(Your instructions): From the line with "(Htt : forall" to the line with "(Fn2 : forall", retype every line exactly, including those two, and leave out the rest of the data below.

(Dataset extract):
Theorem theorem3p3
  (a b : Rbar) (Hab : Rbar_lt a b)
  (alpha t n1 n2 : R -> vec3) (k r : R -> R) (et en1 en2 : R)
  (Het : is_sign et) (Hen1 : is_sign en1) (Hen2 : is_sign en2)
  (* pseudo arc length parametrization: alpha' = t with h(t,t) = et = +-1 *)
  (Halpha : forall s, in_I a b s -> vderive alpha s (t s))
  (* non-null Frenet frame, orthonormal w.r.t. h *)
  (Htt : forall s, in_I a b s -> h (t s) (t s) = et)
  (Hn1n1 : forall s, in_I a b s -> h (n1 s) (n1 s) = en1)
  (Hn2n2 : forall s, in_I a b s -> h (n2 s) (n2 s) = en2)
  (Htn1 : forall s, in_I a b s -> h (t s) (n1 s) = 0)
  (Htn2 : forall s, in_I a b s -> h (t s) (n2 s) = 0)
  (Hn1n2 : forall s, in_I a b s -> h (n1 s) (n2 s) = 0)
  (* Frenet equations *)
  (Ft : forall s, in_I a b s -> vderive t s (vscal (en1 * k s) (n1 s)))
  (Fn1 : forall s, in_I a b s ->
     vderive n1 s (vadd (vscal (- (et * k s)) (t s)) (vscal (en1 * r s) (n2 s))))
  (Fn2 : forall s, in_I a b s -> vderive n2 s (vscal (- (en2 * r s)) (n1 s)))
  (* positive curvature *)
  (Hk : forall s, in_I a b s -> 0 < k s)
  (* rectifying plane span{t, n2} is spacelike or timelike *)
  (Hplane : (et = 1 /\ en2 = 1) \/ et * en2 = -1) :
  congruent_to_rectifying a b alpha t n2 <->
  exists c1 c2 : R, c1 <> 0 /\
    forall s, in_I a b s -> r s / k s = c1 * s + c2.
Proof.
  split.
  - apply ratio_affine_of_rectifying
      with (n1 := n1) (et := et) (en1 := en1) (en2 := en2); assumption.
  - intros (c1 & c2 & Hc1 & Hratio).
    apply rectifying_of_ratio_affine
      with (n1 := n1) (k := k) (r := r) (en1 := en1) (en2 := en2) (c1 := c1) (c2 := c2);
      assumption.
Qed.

(Answer for the task):
  (Htt : forall s, in_I a b s -> h (t s) (t s) = et)
  (Hn1n1 : forall s, in_I a b s -> h (n1 s) (n1 s) = en1)
  (Hn2n2 : forall s, in_I a b s -> h (n2 s) (n2 s) = en2)
  (Htn1 : forall s, in_I a b s -> h (t s) (n1 s) = 0)
  (Htn2 : forall s, in_I a b s -> h (t s) (n2 s) = 0)
  (Hn1n2 : forall s, in_I a b s -> h (n1 s) (n2 s) = 0)
  (* Frenet equations *)
  (Ft : forall s, in_I a b s -> vderive t s (vscal (en1 * k s) (n1 s)))
  (Fn1 : forall s, in_I a b s ->
     vderive n1 s (vadd (vscal (- (et * k s)) (t s)) (vscal (en1 * r s) (n2 s))))
  (Fn2 : forall s, in_I a b s -> vderive n2 s (vscal (- (en2 * r s)) (n1 s)))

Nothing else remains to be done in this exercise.